"how you go from that step to the next?"
airie stated that
1/(k(k+1)(k+2)) = 1/k(1/(k+1)-1/(k+2)) (easily verified by expanding the RHS)
Now by a similar method:
1/(k(k+1)(k+2)) = 1/(k+2)(1/k - 1/(k+1)) (easily verified)
now she has just grouped the two terms which are in teh same column
so - 1/1 * 1/3 + 1/2 * 1/3 = 1/3(1/2 - 1/1) = -1/3(1/1 - 1/2) = -1/(1*2*3)
where the last equality is derived from the second identity.
"1. As n approaches infinity, so do n+1, n+2, ..., 2n, thus 1/(n+1), 1/(n+2), ..., 1/2n all approach zero; therefore the sum Xn approaches zero."

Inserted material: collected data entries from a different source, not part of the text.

Lemma Wf_derive Q Q' : classQ Q -> (forall r, 0 < r -> derivable_pt_lim Q r (Q' r)) ->
  forall r, 0 < r -> derivable_pt_lim (Wf Q) r
    (- exp (- omega_int Q r) * (hq r (Q r) + r * Q' r * kq r (Q r))).
Proof.
  intros HQ HD r Hr. apply is_derive_Reals.
  apply is_derive_ext_loc with (fun x => exp (- omega_int Q x) * (2 - x * gq x (Q x))).
  { apply filter_imp with (fun u => 0 < u); [|now apply (open_gt 0)].
    intros u Hu. symmetry. apply Wf_eq; auto. }
  pose proof (classQ_bounds Q HQ r Hr) as Hq.
  pose proof (Tq_pos r (Q r) Hr Hq) as HT. pose proof (Tq_sq r (Q r) ltac:(split; lra)) as E.
  assert (HGd := omega_int_derive Q HQ r).
  assert (HQd : is_derive Q r (Q' r)) by (apply is_derive_Reals; auto).
  assert (0 < r * Q r) by nra.
  unfold gq, hq, kq, Tq in *. auto_derive;
    replace (r * (r * 1) * (Q r * (Q r * 1)) + 4 + - (4 * (Q r * (Q r * 1))))
      with (r ^ 2 * Q r ^ 2 + 4 - 4 * Q r ^ 2) by ring.
  - repeat split; try (eexists; eassumption); nra.
  - replace (Derive (fun x => omega_int Q x) r) with (omega_integrand Q r)
      by (symmetry; now apply is_derive_unique).
    replace (Derive (fun x => Q x) r) with (Q' r) by (symmetry; now apply is_derive_unique).
    rewrite omega_integrand_eq by auto.
    unfold gq, Tq.
    set (T := sqrt (r ^ 2 * Q r ^ 2 + 4 - 4 * Q r ^ 2)) in *.
    assert (E3: T^3 = T*(r ^ 2 * Q r ^ 2 + 4 - 4 * Q r ^ 2)) by (rewrite <- E; ring).
    field_simplify_eq; [|split; lra]. rewrite E, E3. ring.
Qed.

Definition rho r := Rmax 1 r.

Lemma rho_cases r : (r <= 1 /\ rho r = 1) \/ (1 <= r /\ rho r = r).
Proof.
  unfold rho. destruct (Rle_dec r 1).
  - left. split; auto. apply Rmax_left; auto.
  - right. split; [lra|]. apply Rmax_right. lra.
Qed.

Lemma rho_ge1 r : 1 <= rho r.
Proof. apply Rmax_l. Qed.

Lemma rho_ge r : r <= rho r.
Proof. apply Rmax_r. Qed.

Lemma rho_pos r : 0 < rho r.
Proof. pose proof (rho_ge1 r). lra. Qed.

Definition admissible d r q :=
  0 < q <= 1 /\ (r <= 1 -> d^2 <= 1 - q^2) /\ (1 <= r -> d <= q).

Lemma classQ_admissible Q d : classQ Q -> 0 < d -> d <= Q 1 -> Q 1 <= sqrt (1 - d^2) ->
  forall r, 0 < r -> admissible d r (Q r).
Proof.
  intros HQ Hd H1 H2 r Hr. pose proof (classQ_bounds Q HQ r Hr) as Hq.
  pose proof (classQ_bounds Q HQ 1 ltac:(lra)) as Hq1.
  assert (Hnn : 0 <= 1 - d^2).
  { destruct (Rle_dec 0 (1 - d^2)); auto. rewrite sqrt_neg_0 in H2 by lra. lra. }
  split; [auto|split].
  - intros Hr1. assert (Q r <= sqrt (1 - d^2)) by (pose proof (classQ_le Q HQ r 1 Hr Hr1); lra).
    assert (HH : Q r ^ 2 <= sqrt (1 - d^2) ^ 2) by (apply pow_incr; lra).
    rewrite pow2_sqrt in HH by lra. lra.
  - intros Hr1. pose proof (classQ_le Q HQ 1 r ltac:(lra) Hr1). lra.
Qed.

Lemma Tq_ge_rho d r q : 0 < d <= 1 -> 0 < r -> admissible d r q -> d * rho r <= Tq r q.
Proof.
  intros Hd Hr (Hq & H1 & H2). pose proof (Tq_pos r q Hr Hq).
  destruct (rho_cases r) as [[Hr1 ->]|[Hr1 ->]].
  - pose proof (Tq_sq_ge r q ltac:(split; lra)). specialize (H1 Hr1). nra.
  - pose proof (Tq_ge_rq r q ltac:(lra) ltac:(split; lra)). specialize (H2 Hr1). nra.
Qed.

Lemma Tq_le_rho r q : 0 < r -> 0 < q <= 1 -> Tq r q <= 3 * rho r.
Proof.
  intros Hr Hq. pose proof (Tq_le r q ltac:(lra) ltac:(split; lra)).
  pose proof (rho_ge1 r). pose proof (rho_ge r). nra.
Qed.

Lemma Tq_diff_mul r q1 q2 : 0 < r -> 0 < q1 <= 1 -> 0 < q2 <= 1 ->
  Rabs (Tq r q1 - Tq r q2) * (Tq r q1 + Tq r q2)
  = Rabs (q1 - q2) * ((q1 + q2) * Rabs (r^2 - 4)).
Proof.
  intros Hr H1 H2. pose proof (Tq_pos r q1 Hr H1). pose proof (Tq_pos r q2 Hr H2).
  rewrite <- (Rabs_pos_eq (Tq r q1 + Tq r q2)), <- (Rabs_pos_eq (q1 + q2)) by lra.
  rewrite <- !Rabs_mult. f_equal.
  replace ((Tq r q1 - Tq r q2) * (Tq r q1 + Tq r q2)) with (Tq r q1 ^ 2 - Tq r q2 ^ 2) by ring.
  rewrite !Tq_sq by lra. ring.
Qed.

Lemma Tq_lipschitz d r q1 q2 : 0 < d <= 1 -> 0 < r ->
  admissible d r q1 -> admissible d r q2 ->
  Rabs (Tq r q1 - Tq r q2) <= 5 / d * rho r * Rabs (q1 - q2).
Proof.
  intros Hd Hr R1 R2.
  pose proof (Tq_ge_rho d r q1 Hd Hr R1). pose proof (Tq_ge_rho d r q2 Hd Hr R2).
  destruct R1 as (Hq1 & _ & B1), R2 as (Hq2 & _ & B2).
  pose proof (Tq_diff_mul r q1 q2 Hr Hq1 Hq2) as E.
  pose proof (Rabs_pos (Tq r q1 - Tq r q2)). pose proof (Rabs_pos (q1 - q2)).
  assert (H5 : 5 <= 5 / d) by (unfold Rdiv; rewrite <- (Rmult_1_r 5) at 1;
    apply Rmult_le_compat_l; [lra|rewrite <- Rinv_1; apply Rinv_le_contravar; lra]).
  assert (Hd5 : 5 / d * d = 5) by (field; lra).
  destruct (rho_cases r) as [[Hr1 E1]|[Hr1 E1]]; rewrite E1 in *.
  - assert (Rabs (r^2 - 4) <= 4) by (rewrite Rabs_left1; nra).
    assert (Rabs (Tq r q1 - Tq r q2) * (2 * d) <= 8 * Rabs (q1 - q2)).
    { apply Rle_trans with (Rabs (Tq r q1 - Tq r q2) * (Tq r q1 + Tq r q2)); [nra|].
      rewrite E, (Rmult_comm 8). pose proof (Rabs_pos (r^2 - 4)).
      apply Rmult_le_compat_l; [lra|]. nra. }
    apply Rmult_le_reg_r with d; nra.
  - specialize (B1 Hr1). specialize (B2 Hr1).
    pose proof (Tq_ge_rq r q1 ltac:(lra) ltac:(split; lra)).
    pose proof (Tq_ge_rq r q2 ltac:(lra) ltac:(split; lra)).
    assert (Rabs (r^2 - 4) <= 5 * r^2) by (apply Rabs_le; nra).
    assert (Rabs (Tq r q1 - Tq r q2) * (r * (q1 + q2)) <= 5 * r * Rabs (q1 - q2) * (r * (q1 + q2))).
    { apply Rle_trans with (Rabs (Tq r q1 - Tq r q2) * (Tq r q1 + Tq r q2)); [nra|].
      rewrite E. pose proof (Rabs_pos (r^2 - 4)).
      replace (5 * r * Rabs (q1 - q2) * (r * (q1 + q2)))
        with (Rabs (q1 - q2) * ((q1 + q2) * (5 * r^2))) by ring.
      apply Rmult_le_compat_l; [lra|]. apply Rmult_le_compat_l; lra. }
    assert (Rabs (Tq r q1 - Tq r q2) <= 5 * r * Rabs (q1 - q2))
      by (apply Rmult_le_reg_r with (r * (q1 + q2)); nra).
    nra.
Qed.

Lemma gq_diff_eq r q1 q2 : 0 < r -> 0 < q1 <= 1 -> 0 < q2 <= 1 ->
  gq r q1 - gq r q2 = 16 * (q1 - q2) * (q1 + q2) /
    ((q1 * Tq r q2 + q2 * Tq r q1) * (Tq r q1 + r * q1) * (Tq r q2 + r * q2)).
Proof.
  intros Hr H1 H2. pose proof (Tq_pos r q1 Hr H1). pose proof (Tq_pos r q2 Hr H2).
  pose proof (Tq_sq r q1 ltac:(split; lra)). pose proof (Tq_sq r q2 ltac:(split; lra)).
  unfold gq. set (T1 := Tq r q1) in *. set (T2 := Tq r q2) in *.
  assert (0 < r * q1) by nra. assert (0 < r * q2) by nra.
  assert (0 < q1 * T2 + q2 * T1) by nra.
  apply Rmult_eq_reg_r with ((q1 * T2 + q2 * T1) * (T1 + r * q1) * (T2 + r * q2)).
  - field_simplify; [rewrite H3, H4; ring|lra..].
  - apply Rgt_not_eq. repeat apply Rmult_lt_0_compat; lra.
Qed.

Lemma gq_lipschitz d r q1 q2 : 0 < d <= 1 -> 0 < r ->
  admissible d r q1 -> admissible d r q2 ->
  Rabs (gq r q1 - gq r q2) * rho r ^ 3 <= 16 / d^3 * Rabs (q1 - q2).
Proof.
  intros Hd Hr R1 R2.
  pose proof (Tq_ge_rho d r q1 Hd Hr R1). pose proof (Tq_ge_rho d r q2 Hd Hr R2).
  destruct R1 as (Hq1 & _), R2 as (Hq2 & _).
  rewrite gq_diff_eq by auto.
  set (T1 := Tq r q1) in *. set (T2 := Tq r q2) in *. set (p := rho r) in *.
  pose proof (rho_ge1 r). fold p in H1.
  assert (0 < d * p) by nra. assert (0 < r * q1) by nra. assert (0 < r * q2) by nra.
  set (D := (q1 * T2 + q2 * T1) * (T1 + r * q1) * (T2 + r * q2)).
  assert (LD : (q1 + q2) * (d * p) ^ 3 <= D).
  { unfold D. replace ((q1 + q2) * (d * p) ^ 3)
      with ((q1 * (d * p) + q2 * (d * p)) * (d * p) * (d * p)) by ring.
    assert (q1 * (d * p) + q2 * (d * p) <= q1 * T2 + q2 * T1) by nra.
    assert (0 <= q1 * (d * p) + q2 * (d * p)) by nra.
    apply Rmult_le_compat; [nra|lra| |nra]. apply Rmult_le_compat; nra. }
  assert (0 < D)
    by (eapply Rlt_le_trans; [|exact LD]; apply Rmult_lt_0_compat; [lra|apply pow_lt; lra]).
  rewrite Rabs_div, Rabs_pos_eq with (x := D), !Rabs_mult, Rabs_pos_eq with (x := 16),
    Rabs_pos_eq with (x := q1 + q2) by lra.
  pose proof (Rabs_pos (q1 - q2)). assert (0 < d^3) by (apply pow_lt; lra).
  apply Rmult_le_reg_r with (D * d^3); [nra|].
  replace (16 * Rabs (q1 - q2) * (q1 + q2) / D * p ^ 3 * (D * d ^ 3))
    with (16 * Rabs (q1 - q2) * ((q1 + q2) * (d * p) ^ 3)) by (field; lra).
  replace (16 / d ^ 3 * Rabs (q1 - q2) * (D * d ^ 3))
    with (16 * Rabs (q1 - q2) * D) by (field; lra).
  apply Rmult_le_compat_l; lra.
Qed.

Lemma gq_ge d x q : 0 < d <= 1 -> 1 <= x -> d <= q <= 1 -> 2 <= gq x q * (x + / d).
Proof.
  intros Hd Hx Hq. pose proof (Tq_le x q ltac:(lra) ltac:(split; lra)).
  pose proof (Tq_pos x q ltac:(lra) ltac:(split; lra)).
  assert (Hc : 1 <= q / d) by (apply Rle_div_r; lra).
  unfold gq. rewrite Rmult_comm, Rmult_div_assoc.
  apply Rle_div_r; [nra|]. unfold Rdiv in Hc. nra.
Qed.

Lemma one_sub_rgq_eq r q : 0 < r -> 0 < q <= 1 ->
  2 - r * gq r q = 8 * (1 - q^2) / (Tq r q + r * q)^2.
Proof.
  intros Hr Hq. pose proof (Tq_pos r q Hr Hq). pose proof (Tq_sq r q ltac:(split; lra)).
  assert (0 < r * q) by nra. unfold gq.
  apply Rmult_eq_reg_r with ((Tq r q + r * q)^2); [|apply Rgt_not_eq, pow_lt; lra].
  field_simplify; [rewrite H0; ring|lra..].
Qed.

Lemma one_sub_rgq_decay d r q : 0 < d <= 1 -> 0 < r -> admissible d r q ->
  0 <= 2 - r * gq r q /\ (2 - r * gq r q) * (1 + r^2) <= 16 / d^2.
Proof.
  intros Hd Hr R. pose proof (Tq_ge_rho d r q Hd Hr R) as HT. destruct R as (Hq & _).
  rewrite one_sub_rgq_eq by auto. pose proof (rho_ge r). pose proof (rho_ge1 r).
  assert (0 < r * q) by nra.
  assert (HL : (d * rho r)^2 <= (Tq r q + r * q)^2) by (apply pow_incr; nra).
  assert (0 < d^2) by (apply pow_lt; lra).
  split; [apply Rdiv_le_0_compat; [nra|apply pow_lt; nra]|].
  rewrite Rmult_comm, Rmult_div_assoc, Rle_div_l by (apply pow_lt; nra).
  assert (1 + r^2 <= 2 * rho r ^ 2) by nra.
  apply Rle_trans with (2 * rho r ^ 2 * (8 * (1 - q^2))); [apply Rmult_le_compat_r; nra|].
  apply Rle_trans with (16 / d^2 * (d * rho r)^2); [|apply Rmult_le_compat_l; [|exact HL]].
  - replace (16 / d ^ 2 * (d * rho r) ^ 2) with (16 * rho r ^ 2) by (field; lra). nra.
  - apply Rlt_le, Rdiv_lt_0_compat; lra.
Qed.

Definition bounded_lip (D x1 x2 M L : R) :=
  Rabs x1 <= M /\ Rabs x2 <= M /\ Rabs (x1 - x2) <= L * D.

Lemma bounded_lip_const D c : 0 <= D -> bounded_lip D c c (Rabs c) 0.
Proof. intros. repeat split; try lra. rewrite Rminus_diag, Rabs_R0. lra. Qed.

Lemma bounded_lip_add D x1 x2 y1 y2 M1 M2 L1 L2 :
  bounded_lip D x1 x2 M1 L1 -> bounded_lip D y1 y2 M2 L2 ->
  bounded_lip D (x1 + y1) (x2 + y2) (M1 + M2) (L1 + L2).
Proof.
  intros (A1 & A2 & A3) (B1 & B2 & B3). unfold bounded_lip.
  replace (x1 + y1 - (x2 + y2)) with ((x1 - x2) + (y1 - y2)) by ring.
  repeat split; (eapply Rle_trans; [apply Rabs_triang|rewrite ?Rmult_plus_distr_r; lra]).
Qed.

Lemma bounded_lip_opp D x1 x2 M L :
  bounded_lip D x1 x2 M L -> bounded_lip D (- x1) (- x2) M L.
Proof.
  intros (A1 & A2 & A3). unfold bounded_lip.
  replace (- x1 - - x2) with (- (x1 - x2)) by ring. now rewrite !Rabs_Ropp.
Qed.

Lemma bounded_lip_mul D x1 x2 y1 y2 M1 M2 L1 L2 :
  bounded_lip D x1 x2 M1 L1 -> bounded_lip D y1 y2 M2 L2 ->
  bounded_lip D (x1 * y1) (x2 * y2) (M1 * M2) (M1 * L2 + M2 * L1).
Proof.
  intros (A1 & A2 & A3) (B1 & B2 & B3). unfold bounded_lip.
  pose proof (Rabs_pos x1). pose proof (Rabs_pos y2).
  pose proof (Rabs_pos (x1 - x2)). pose proof (Rabs_pos (y1 - y2)).
  repeat split; rewrite ?Rabs_mult; try (apply Rmult_le_compat; auto using Rabs_pos).
  replace (x1 * y1 - x2 * y2) with (x1 * (y1 - y2) + y2 * (x1 - x2)) by ring.
  eapply Rle_trans; [apply Rabs_triang|]. rewrite !Rabs_mult.
  assert (Rabs x1 * Rabs (y1 - y2) <= M1 * (L2 * D)) by (apply Rmult_le_compat; lra).
  assert (Rabs y2 * Rabs (x1 - x2) <= M2 * (L1 * D)) by (apply Rmult_le_compat; lra).
  lra.
Qed.

Lemma bounded_lip_inv D x1 x2 M L m : 0 < m -> m <= x1 -> m <= x2 ->
  bounded_lip D x1 x2 M L -> bounded_lip D (/ x1) (/ x2) (/ m) (L / (m * m)).
Proof.
  intros Hm H1 H2 (A1 & A2 & A3).
  assert (/ x1 <= / m) by (apply Rinv_le_contravar; lra).
  assert (/ x2 <= / m) by (apply Rinv_le_contravar; lra).
  assert (0 < / x1) by (apply Rinv_0_lt_compat; lra).
  assert (0 < / x2) by (apply Rinv_0_lt_compat; lra).
  unfold bounded_lip. repeat split; try (rewrite Rabs_pos_eq; lra).
  replace (/ x1 - / x2) with ((x2 - x1) / (x1 * x2)) by (field; lra).
  rewrite Rabs_div, Rabs_pos_eq with (x := x1 * x2), <- Rabs_Ropp, Ropp_minus_distr by nra.
  apply Rle_trans with (Rabs (x1 - x2) / (m * m)).
  - apply Rmult_le_compat_l; [apply Rabs_pos|]. apply Rinv_le_contravar; nra.
  - unfold Rdiv. rewrite (Rmult_comm L), Rmult_assoc, Rmult_comm.
    apply Rmult_le_compat_l; [left; apply Rinv_0_lt_compat; nra|lra].
Qed.

(* [kq] and [hq] times [rho r ^ 3], in the variables t = Tq r q / rho r in [d, 3]
   and p = r q / rho r in [0, 1]. *)
Definition psik t p := 16 * / (t * ((t + p) * (t + p))).
Definition psih t p q := 32 * (q * (1 - q * q)) * / ((t + p) * ((t + p) * (t + p)))
   + 16 * (q * (1 - q * q)) * / (t * ((t + p) * (t + p))).

Lemma psi_bounded_lip d : 0 < d <= 1 -> exists Mk Lk Mh Lh,
  forall D t1 t2 p1 p2 q1 q2, 0 <= D ->
    bounded_lip D t1 t2 3 (5 / d) -> d <= t1 -> d <= t2 ->
    bounded_lip D p1 p2 1 1 -> 0 <= p1 -> 0 <= p2 -> bounded_lip D q1 q2 1 1 ->
    bounded_lip D (psik t1 p1) (psik t2 p2) Mk Lk /\
    bounded_lip D (psih t1 p1 q1) (psih t2 p2 q2) Mh Lh.
Proof.
  (* The four constants are left to be found by unification with the rules above. *)
  intros Hd. do 4 eexists. intros D t1 t2 p1 p2 q1 q2 HD Ht H1 H2 Hp Hp1 Hp2 Hq.
  assert (Hm : 0 < d * (d * d)) by (repeat apply Rmult_lt_0_compat; lra).
  assert (Htp := bounded_lip_add _ _ _ _ _ _ _ _ _ Ht Hp).
  assert (Hsq := bounded_lip_mul _ _ _ _ _ _ _ _ _ Htp Htp).
  assert (Hq3 := bounded_lip_mul _ _ _ _ _ _ _ _ _ Hq
    (bounded_lip_add _ _ _ _ _ _ _ _ _ (bounded_lip_const D 1 HD)
      (bounded_lip_opp _ _ _ _ _ (bounded_lip_mul _ _ _ _ _ _ _ _ _ Hq Hq)))).
  assert (Hcube : forall a b, d <= a -> d <= b -> d * (d * d) <= a * (b * b)).
  { intros a b Ha Hb. apply Rmult_le_compat; try lra; [nra|]. apply Rmult_le_compat; lra. }
  assert (Hinv1 := bounded_lip_inv _ _ _ _ _ _ Hm (Hcube t1 (t1 + p1) H1 ltac:(lra))
    (Hcube t2 (t2 + p2) H2 ltac:(lra)) (bounded_lip_mul _ _ _ _ _ _ _ _ _ Ht Hsq)).
  assert (Hinv2 := bounded_lip_inv _ _ _ _ _ _ Hm (Hcube (t1 + p1) (t1 + p1) ltac:(lra) ltac:(lra))
    (Hcube (t2 + p2) (t2 + p2) ltac:(lra) ltac:(lra)) (bounded_lip_mul _ _ _ _ _ _ _ _ _ Htp Hsq)).
  split.
  - apply bounded_lip_mul; [apply bounded_lip_const; auto|exact Hinv1].
  - apply bounded_lip_add; apply bounded_lip_mul; try exact Hinv1; try exact Hinv2;
      (apply bounded_lip_mul; [apply bounded_lip_const; auto|exact Hq3]).
Qed.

Unfortunately this is wrong I think.
1/(n+1) > 1/2n
1/(n+2) > 1/2n
...
1/2n = 1/2n
And there are n terms in our sum X_n. So:
X_n > 1/2n + 1/2n + ... + 1/2n
= n(1/2n)
=1/2
and this is irrespective of how large n is. In addition:
1/(n+1) < 1/n
1/(n+2) < 1/n
...
1/2n < 1/n
Adding these n terms together yields:
X_n < 1/n + 1/n + ... + 1/n
= n(1/n)
= 1
so we know that for all n (there may be equality for small n), 1 > X_n > 1/2.
The answer is log2 (natural log) I'm pretty sure but I have no elementary way to derive that.